Given the definition of the FFT as
$$X(k)= \sum_{n=0}^{N-1}x(n)e^{-j2\pi kn/N}$$
we can examine the resulting SNR in a single FFT bin. For the signal only case $X(k)=0$ except when $m=k$ then we have
$$ X(m)=\sum_{n=0}^{N-1}e^{j2\pi mn/N}e^{-j2\pi mn/N}=\sum_{n=0}^{N-1}1=N$$
then the signal power is $|(X(m))|^2=N^2$.
For the noise power in a FFT bin we use the expected value or variance i.e. then letting $W(k)$ denote the FFT of the noise only signal - then since W(k) is a linear combination of zero mean Gaussian variables then $W(k)$ is also a zero mean Gaussian variable and the variance is the sum of the individual variances in each term.

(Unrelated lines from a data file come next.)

Lemma le_subX A B (c : L) : (forall z, fmeet c (A z) ⊑ B z) -> c ⊑ subX A B.
Proof. intros H; apply bmeet_glb; intro z; apply fimp_adj, H. Qed.

Lemma subX_mp A B z : fmeet (subX A B) (A z) ⊑ B z.
Proof.
  eapply fle_trans; [|apply (fimp_mp (A z))].
  apply fmeet_mono; [apply (bmeet_lb (fun z => fimp (A z) (B z)))|apply fle_refl].
Qed.

Lemma subX_mono_r A B B' : (forall z, B z ⊑ B' z) -> subX A B ⊑ subX A B'.
Proof. intros H; apply le_subX; intro z; eapply fle_trans; [apply subX_mp|apply H]. Qed.

Lemma subX_trans A B C : fmeet (subX A B) (subX B C) ⊑ subX A C.
Proof.
  apply le_subX; intro z; eapply fle_trans; [|apply (subX_mp B C z)].
  apply fmeet_glb; [meets|]; eapply fle_trans; [|apply (subX_mp A B z)]; meets.
Qed.

Lemma subX_refl A : subX A A = ftop.
Proof. apply ftop_le_eq, le_subX; intro z; apply fmeet_r. Qed.

End LInclusion.

Section Points.
Context {L : Frame} {X : Type} {O : (X -> L) -> Prop}.
Hypothesis HO : is_Ltopology O.
Local Notation e := (@ptE L X O).

Lemma ptE_refl (p : pt O) : ptE p p = ftop.
Proof. apply subX_refl. Qed.

Lemma interior_open B : O (interior O B).
Proof.
  apply (proj2 (proj2 HO) _ (fun i => proj1_sig i)).
  intro i; exact (proj1 (proj2_sig i)).
Qed.

Lemma interior_le B z : interior O B z ⊑ B z.
Proof. apply bjoin_lub; intro i; apply (proj2 (proj2_sig i)). Qed.
(* Let $s_0\in(0,1)$ and $\tau,\eta,\lambda>0$, and let $(I_j^0)_{j\in\mathbb{Z}}$ be a finitely supported sequence with $I_j^0\in[0,1)$ for all $j$ and $I_j^0>0$ for at least one $j$. Define $f(v):=s_0(1-e^{-\tau v})-\eta v$ and $\mathscr{R}_0:=s_0\tau/\eta$. Then the stationary equation $$0=f(\mathcal{I}_j)+I_j^0+\lambda\left(\mathcal{I}_{j-1}-2\mathcal{I}_j+\mathcal{I}_{j+1}\right),\qquad j\in\mathbb{Z},$$ admits a unique positive, bounded solution $(\mathcal{I}_j^\infty)_{j\in\mathbb{Z}}$, and it satisfies $\lim_{|j|\to+\infty}\mathcal{I}_j^\infty=0$ if $\mathscr{R}_0\le 1$, and $\lim_{|j|\to+\infty}\mathcal{I}_j^\infty=\mathcal{I}_*$ if $\mathscr{R}_0>1$, where $\mathcal{I}_*>0$ is the unique positive zero of $f$.
   Context: This is the stationary version of the lattice differential equation $\mathcal{I}_j'(t)=f(\mathcal{I}_j(t))+I_j^0+\lambda(\mathcal{I}_{j-1}(t)-2\mathcal{I}_j(t)+\mathcal{I}_{j+1}(t))$, $j\in\mathbb{Z}$, satisfied by the cumulative density of infected individuals in an SIR model on $\mathbb{Z}$ with initial susceptible density $s_0$ and initial infected density $I_j^0$. *)

From Stdlib Require Import Reals ZArith Lra.
Open Scope R_scope.

Definition fSIR (s0 tau eta : R) (v : R) : R :=
  s0 * (1 - exp (- tau * v)) - eta * v.

Definition R0_SIR (s0 tau eta : R) : R := s0 * tau / eta.

Definition stationary_solution (s0 tau eta lambda : R) (I0 : Z -> R) (I : Z -> R) : Prop :=
  forall j : Z,
    0 = fSIR s0 tau eta (I j) + I0 j
        + lambda * (I (j - 1)%Z - 2 * I j + I (j + 1)%Z).
Lemma expl_triangle
    (ell_triangle : forall y1 y2 y3, (ell y1 y3 <= ell y1 y2 + ell y2 y3)%R)
    (mu : {measure set X -> \bar R}) (a b c : X -> Y) :
  measurable_fun [set: X] a -> measurable_fun [set: X] b ->
  measurable_fun [set: X] c ->
  expl mu ell a c <= expl mu ell a b + expl mu ell b c.
Proof.
move=> ma mb mc; rewrite /expl -ge0_integralD //; last 4 first.
- by move=> x _; rewrite lee_fin.
- exact: measurable_loss.
- by move=> x _; rewrite lee_fin.
- exact: measurable_loss.
apply: ge0_le_integral => //.
- by move=> x _; rewrite lee_fin.
- exact: measurable_loss.
- by apply: emeasurable_funD; exact: measurable_loss.
- by move=> x _; rewrite -EFinD lee_fin.
Qed.

End expected_loss.

Section domain_shift.
Local Open Scope ereal_scope.
Context dX dZ dY (X : measurableType dX) (Z : measurableType dZ)
  (Y : measurableType dY) (R : realType).
Variables (ell : Y -> Y -> R) (L : R).
Hypothesis ell_ge0 : forall y y', (0 <= ell y y')%R.
Hypothesis ell_le : forall y y', (ell y y' <= L)%R.
Hypothesis mell : measurable_fun [set: Y * Y] (fun yy : Y * Y => ell yy.1 yy.2).
Variables (nu : {measure set Z -> \bar R}) (M : set X) (f : X -> Z) (finv : Z -> X).
Hypotheses (mM : measurable M) (mf : measurable_fun [set: X] f).
Hypothesis mfinv : measurable_fun [set: Z] finv.
Hypothesis finvK : forall x, M x -> finv (f x) = x.

Lemma expl_comp_le_L1dist (mua mub : {measure set X -> \bar R}) (pa pb : Z -> R)
    (g : Z -> Y) (c : X -> Y) :
  mua (~` M) = 0 -> mub (~` M) = 0 ->
  is_density nu (pushforward mua f) pa -> is_density nu (pushforward mub f) pb ->
  measurable_fun [set: Z] g -> measurable_fun [set: X] c ->
  expl mua ell (g \o f) c <= expl mub ell (g \o f) c + L%:E * L1dist nu pa pb.
Proof.
move=> Ma Mb fpa fpb mg mc.
pose phi z := ell (g z) (c (finv z)).
have mphi : measurable_fun [set: Z] phi.
  exact: measurableT_comp mell (measurable_fun_pair mg (measurableT_comp mc mfinv)).
have mphiE : measurable_fun [set: Z] (fun z => (phi z)%:E) by exact/measurable_EFinP.
have explE (mu : {measure set X -> \bar R}) : mu (~` M) = 0 ->
    expl mu ell (g \o f) c = \int[pushforward mu f]_z (phi z)%:E.
  have phi_ge0 : {in [set: Z], forall z, 0 <= (phi z)%:E}
    by move=> z _; rewrite lee_fin ell_ge0.
  move=> M0; rewrite (ge0_integral_pushforward mf mu measurableT mphiE phi_ge0).
  rewrite preimage_setT; apply: ae_eq_integral => //.
  - exact: measurable_loss (measurableT_comp mg mf) mc.
  - exact: measurableT_comp mphiE mf.
  exists (~` M); split => [|//|x /= notphi]; first exact: measurableC.
  by move=> Mx; apply: notphi => _; rewrite /phi finvK.
rewrite (explE _ Ma) (explE _ Mb).
apply: (@integral_le_L1dist _ _ _ nu _ _ pa pb fpa fpb L phi mphi) => // z.
by rewrite /phi ell_ge0 ell_le.
Qed.

Hypothesis ellC : forall y y', ell y y' = ell y' y.
Hypothesis ell_triangle : forall y1 y2 y3, (ell y1 y3 <= ell y1 y2 + ell y2 y3)%R.

Lemma expl_le_seen_domain (mu_u mu_s : {measure set X -> \bar R}) (p_u p_s : Z -> R)
    (g : Z -> Y) (h_u h_s : X -> Y) :
  mu_u (~` M) = 0 -> mu_s (~` M) = 0 ->
  is_density nu (pushforward mu_u f) p_u -> is_density nu (pushforward mu_s f) p_s ->
  measurable_fun [set: Z] g -> measurable_fun [set: X] h_u ->
  measurable_fun [set: X] h_s ->
  expl mu_u ell (g \o f) h_u <=
    expl mu_s ell (g \o f) h_s + L%:E * L1dist nu p_u p_s
    + Order.min (expl mu_u ell h_u h_s) (expl mu_s ell h_u h_s).
Proof.
move=> Mu Ms fpu fps mg mhu mhs.
have mh : measurable_fun [set: X] (g \o f) by exact: measurableT_comp.
have shift := expl_comp_le_L1dist Mu Ms fpu fps mg.
case: (leP (expl mu_u ell h_u h_s) (expl mu_s ell h_u h_s)) => _.
- apply: le_trans (expl_triangle ell_ge0 mell ell_triangle mu_u mh mhs mhu) _.
  by rewrite (explC ellC mu_u h_s); apply: leeD => //; exact: shift.
- apply: le_trans (shift _ mhu) _; rewrite [X in _ <= X]addeAC; apply: leeD => //.
  by rewrite (explC ellC mu_s h_u); exact: expl_triangle.
Qed.

End domain_shift.

Lemma lee_convex_sum (R : realType) (S : nat) (lam : 'I_S -> R) (a : \bar R)
    (F : 'I_S -> \bar R) :
  (forall s, 0 <= lam s) -> \sum_(s < S) lam s = 1 -> (forall s, (a <= F s)%E) ->
  (a <= \sum_(s < S) (lam s)%:E * F s)%E.
Proof.
move=> lam_ge0 lam_sum1 aF.
have -> : a = (\sum_(s < S) (lam s)%:E * a)%E.
  by rewrite -ge0_sume_distrl ?sumEFin ?lam_sum1 ?mul1e // => s _; rewrite lee_fin.
by apply: lee_sum => s _; apply: lee_wpmul2l; rewrite ?lee_fin.
Qed.

Theorem lemma2 (R : realType) (dX dZ : nat) (dY : measure_display)
  (Y : measurableType dY) (ell : Y -> Y -> R) (L : R) (S : nat)
  (mu_u : probability (dX.-tuple R) R)
  (mu : 'I_S -> probability (dX.-tuple R) R)
  (f_u : dX.-tuple R -> dZ.-tuple R) (g_u : dZ.-tuple R -> Y)
  (fs : 'I_S -> dX.-tuple R -> dZ.-tuple R) (gs : 'I_S -> dZ.-tuple R -> Y)
  (f : dX.-tuple R -> dZ.-tuple R) (g : dZ.-tuple R -> Y)
  (nu : {measure set (dZ.-tuple R) -> \bar R})
  (p_u : dZ.-tuple R -> R) (p : 'I_S -> dZ.-tuple R -> R)
  (lam : 'I_S -> R) :
  (* (i) the loss *)
  0 < L ->
  (forall y y', 0 <= ell y y') ->
  (forall y y', ell y y' = ell y' y) ->
  (forall y y', ell y y' <= L) ->
  (forall y1 y2 y3, ell y1 y3 <= ell y1 y2 + ell y2 y3) ->
  measurable_fun [set: Y * Y] (fun yy : Y * Y => ell yy.1 yy.2) ->
  (* measurability of all feature maps and classifiers *)
  measurable_fun [set: dX.-tuple R] f_u -> measurable_fun [set: dZ.-tuple R] g_u ->
  (forall s, measurable_fun [set: dX.-tuple R] (fs s)) ->
  (forall s, measurable_fun [set: dZ.-tuple R] (gs s)) ->
  measurable_fun [set: dX.-tuple R] f -> measurable_fun [set: dZ.-tuple R] g ->
  (* (ii) f is invertible on the data manifold M (full measure for all domains) *)
  (exists M : set (dX.-tuple R),
     [/\ measurable M, mu_u (~` M) = 0%E, (forall s, mu s (~` M) = 0%E) &
         exists finv : dZ.-tuple R -> dX.-tuple R,
           measurable_fun [set: dZ.-tuple R] finv /\
           forall x, M x -> finv (f x) = x]) ->
  (* densities of the pushforwards f_# mu^{(v)} w.r.t. the reference measure nu *)
  is_density nu (pushforward mu_u f) p_u ->
  (forall s, is_density nu (pushforward (mu s) f) (p s)) ->
  (* convex weights *)
  (forall s, 0 <= lam s) -> \sum_(s < S) lam s = 1 ->
  (expl mu_u ell (g \o f) (g_u \o f_u) <=
     \sum_(s < S) (lam s)%:E * expl (mu s) ell (g \o f) (gs s \o fs s)
   + L%:E * \sum_(s < S) (lam s)%:E * L1dist nu p_u (p s)
   + \sum_(s < S) (lam s)%:E *
       Order.min (expl mu_u ell (g_u \o f_u) (gs s \o fs s))
                 (expl (mu s) ell (g_u \o f_u) (gs s \o fs s)))%E.
Proof.
move=> L_gt0 ell_ge0 ellC ell_le ell_triangle mell mf_u mg_u mfs mgs mf mg
  [M [mM Mu Ms [finv [mfinv finvK]]]] fpu fps lam_ge0 lam_sum1.
have bound s := expl_le_seen_domain ell_ge0 ell_le mell mM mf mfinv finvK ellC
  ell_triangle Mu (Ms s) fpu (fps s) mg (measurableT_comp mg_u mf_u)
  (measurableT_comp (mgs s) (mfs s)).
apply: le_trans (lee_convex_sum lam_ge0 lam_sum1 bound) _.
have L1_ge0 s : (0 <= L1dist nu p_u (p s))%E.
  by apply: integral_ge0 => z _; rewrite lee_fin.
rewrite ge0_sume_distrr => [|s _]; last by rewrite mule_ge0 ?lee_fin.
rewrite -!big_split /=; apply: lee_sum => s _.
have shift_ge0 : (0 <= L%:E * L1dist nu p_u (p s))%E.
  by rewrite mule_ge0 ?lee_fin ?(ltW L_gt0).
have risk_ge0 : (0 <= expl (mu s) ell (g \o f) (gs s \o fs s))%E.
  exact: expl_ge0.
have sigma_ge0 : (0 <= Order.min (expl mu_u ell (g_u \o f_u) (gs s \o fs s))
                              (expl (mu s) ell (g_u \o f_u) (gs s \o fs s)))%E.
  by rewrite le_min !(expl_ge0 ell_ge0).
have risk_shift_ge0 := adde_ge0 risk_ge0 shift_ge0.
by rewrite (muleCA L%:E) -!ge0_muleDr.
Qed.
(* Let $P,L\in K\langle\partial_t\rangle$ be monic, with $P\in k(t)[\mathbf x,1/r]\langle\partial_t\rangle$ for some nonzero $r\in k[\mathbf x,t]$ and $L\in k(t)\langle\partial_t\rangle$. Let $\mathbf c\in k^n$ with $r(\mathbf c,t)\neq 0$. (1) If ${\rm gcrd}(P_{\mathbf x=\mathbf c},L)=1$, then ${\rm gcrd}(P,L)=1$. (2) If ${\rm gcrd}(P,L)=1$, then there exists $\mathbf a\in k^n$ with $r(\mathbf a,t)\neq 0$ and ${\rm gcrd}(P_{\mathbf x=\mathbf a},L)=1$.
   Context: $k$ is an algebraically closed field of characteristic zero, $\mathbf x=(x_1,\dots,x_n)$, $K=k(t,x_1,\dots,x_n)$, and $K\langle\partial_t\rangle$ is the ring of linear differential operators in $\partial_t=\partial/\partial t$ with coefficients in $K$; $k(t)[\mathbf x,1/r]\langle\partial_t\rangle$ denotes those operators whose coefficients lie in the subring $k(t)[\mathbf x,1/r]$ of $K$. For such an operator $P$ and $\mathbf c\in k^n$ with $r(\mathbf c,t)\neq0$, $P_{\mathbf x=\mathbf c}\in k(t)\langle\partial_t\rangle$ denotes the operator obtained by substituting $x_i=c_i$ in all coefficients. ${\rm gcrd}(P,L)$ denotes the monic greatest common right divisor of $P$ and $L$ in $K\langle\partial_t\rangle$. *)

From HB Require Import structures.
From mathcomp Require Import all_boot all_order all_algebra.
From mathcomp Require Import fraction generic_quotient mpoly.
Set Implicit Arguments. Unset Strict Implicit. Unset Printing Implicit Defensive.
Import GRing.Theory.
Local Open Scope ring_scope.
Local Notation "x %:F" := (@FracField.tofrac _ x).

(* An operator sum_i a_i D^i over a field F with derivation delta is stored as the *)
(* coefficient polynomial  sum_i a_i 'X^i : {poly F}  (coefficients on the left).  *)
Section DiffOp.
Variable F : fieldType.
Variable delta : F -> F.

(* D * Q  = sum_j (q_j D^(j+1) + delta(q_j) D^j) *)
Definition dX (Q : {poly F}) : {poly F} := 'X * Q + map_poly delta Q.

(* noncommutative product P * Q = sum_i p_i (D^i * Q) *)
Definition dmul (P Q : {poly F}) : {poly F} :=
  \sum_(i < size P) P`_i *: iter i dX Q.

Definition rdvd (Q P : {poly F}) : Prop := exists A : {poly F}, P = dmul A Q.

Definition gcrd_one (P L : {poly F}) : Prop :=
  forall Q : {poly F}, rdvd Q P -> rdvd Q L -> (size Q <= 1)%N.
End DiffOp.

Definition fder (R : idomainType) (f : {fraction {poly R}}) : {fraction {poly R}} :=
  let p := repr f in
  ((deriv (p.1) * p.2 - p.1 * deriv (p.2))%:F) / ((p.2 ^+ 2)%:F).

Section Fields.
Variables (k : fieldType) (n : nat).

(* k[x][t] (t is the polynomial variable), k(t), K = k(t, x) *)
Definition kxt := {poly {mpoly k[n]}}.
Definition kt := {fraction {poly k}}.
Definition bigK := {fraction {poly {mpoly k[n]}}}.

Definition liftkt (q : {poly k}) : {poly {mpoly k[n]}} :=
  map_poly (fun a : k => a%:MP_[n]) q.

Definition kt_to_K (f : {fraction {poly k}}) : {fraction {poly {mpoly k[n]}}} :=
  let p := repr f in (liftkt p.1)%:F / (liftkt p.2)%:F.

Definition evalx (c : 'I_n -> k) (p : {poly {mpoly k[n]}}) : {poly k} :=
  map_poly (fun m : {mpoly k[n]} => m.@[c]) p.

(* An element of k(t)[x, 1/r] is written p / (r^m q(t)) with p in k[x][t],
   m in nat, q in k[t] nonzero; such a datum is a triple ((p, m), q). *)
Definition coefK (r : {poly {mpoly k[n]}}) (e : {poly {mpoly k[n]}} * nat * {poly k})
  : {fraction {poly {mpoly k[n]}}} :=
  (e.1.1)%:F / ((r ^+ e.1.2 * liftkt e.2)%:F).

Definition coefKt (r : {poly {mpoly k[n]}}) (c : 'I_n -> k)
  (e : {poly {mpoly k[n]}} * nat * {poly k}) : {fraction {poly k}} :=
  (evalx c e.1.1)%:F / ((evalx c r ^+ e.1.2 * e.2)%:F).

(* the operator P = sum_i s_i D^i in k(t)[x,1/r]<D> and its specialization P_{x=c} *)
Definition opK r (s : seq ({poly {mpoly k[n]}} * nat * {poly k}))
  : {poly {fraction {poly {mpoly k[n]}}}} := Poly (map (coefK r) s).
Definition opKt r c (s : seq ({poly {mpoly k[n]}} * nat * {poly k}))
  : {poly {fraction {poly k}}} := Poly (map (coefKt r c) s).
End Fields.

From Pilot Require Import Defs.
From HB Require Import structures.
From mathcomp Require Import all_boot all_order all_algebra.
From mathcomp Require Import fraction generic_quotient mpoly zify ring.

(* Both statements are read off one determinant.  For monic P of order m and L of
   order l, gcrd(P, L) = 1 iff the differential Sylvester matrix, whose rows are the
   coefficient vectors of D^i P (i < l) and D^j L (j < m), is invertible: a kernel
   vector is a relation U P + V L = 0 with ord U < l and ord V < m, and such a relation
   exists iff P and L have a nontrivial common right divisor (Euclidean descent one
   way, a left common multiple of the cofactors the other way).  The entries of this
   matrix over K lie in k(t)[x, 1/r], and substituting x = c commutes with sums,
   products and d/dt, so the determinant over K specializes to the one over k(t).
   Hence (1); for (2) write the determinant over K as p / (r^e q) with p <> 0 and pick
   a point where r p does not vanish, which exists since k is infinite. *)

Set Implicit Arguments. Unset Strict Implicit. Unset Printing Implicit Defensive.
Import GRing.Theory.
Local Open Scope ring_scope.
Local Open Scope quotient_scope.
Local Notation "x %:F" := (@FracField.tofrac _ x).
(* [coefK] of poly.v shadows the coefficient map of Defs. *)
Local Notation coefK := Defs.coefK.

Lemma size_sub_lead_lt (R : nzRingType) (p q : {poly R}) :
  p != 0 -> size p = size q -> lead_coef p = lead_coef q ->
  (size (p - q)%R < size p)%N.
Proof.
move=> p0 spq lpq; have sp_gt0 : (0 < size p)%N by rewrite size_poly_gt0.
rewrite -(prednK sp_gt0) ltnS; apply/leq_sizeP => j ltj; rewrite coefB.
have [->|ne] := eqVneq j (size p).-1.
  by rewrite -lead_coefE spq -lead_coefE lpq subrr.
have : ((size p).-1 < j)%N by rewrite ltn_neqAle eq_sym ne ltj.
rewrite (prednK sp_gt0) => {}ltj.
by rewrite !nth_default ?subrr // -spq.
Qed.

Section OreAlgebra.
Variables (F : fieldType) (delta : F -> F).
Hypothesis deltaD : {morph delta : x y / x + y}.
Hypothesis deltaM : forall x y, delta (x * y) = delta x * y + x * delta y.

Local Notation dX := (dX delta).
Local Notation dmul := (dmul delta).
Implicit Types (p q A B P Q L R U V : {poly F}).

Lemma delta0 : delta 0 = 0.
Proof. by apply: (addrI (delta 0)); rewrite -deltaD !addr0. Qed.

$$var[W(K)] = \sum_{n=0}^{N-1} var \left[w(n)e^{-j2\pi kn/N} \right] =var[w(n)] \sum_{n=0}^{N-1} |e^{-j2\pi kn/N}|^2= N \cdot var [w(n)] = N$$
where we have used the scaling properties of the variance and the fact that the noise is zero mean. The SNR in the FFT bin is $N^2/N=N$. This is the coherent gain of the FFT when the sinusoid lies exactly on an FFT bin. You can also view FFT as a bank of Matched Filters for a sinusoidal input and look at the theory of Matched Filters.
Note - the analysis can be generalized for any zero mean and independent noise process, since the scaling property still holds for the variance. It's just a bit quicker and easier to do for a Gaussian noise process.
In the case when the signal is not exactly on a FFT bin there is a processing loss, this is commonly referred to as Scalloping Loss. You can read more about this in the classic paper on Windows by Fred Harris.
Notice that if you average the magnitude of sequential FFTs there is no coherent gain, instead you are reducing the variance of the estimate caused by the noise. For white noise if you look at the magnitude of a single FFT then there is quite a variation across all the frequency bins. Once you start averaging the magnitude or magnitude squared then the amplitude will show reduced variation and will approach a constant value. This is referred to as non-coherent processing because by using the Amplitude you are losing the phase information required for coherent processing.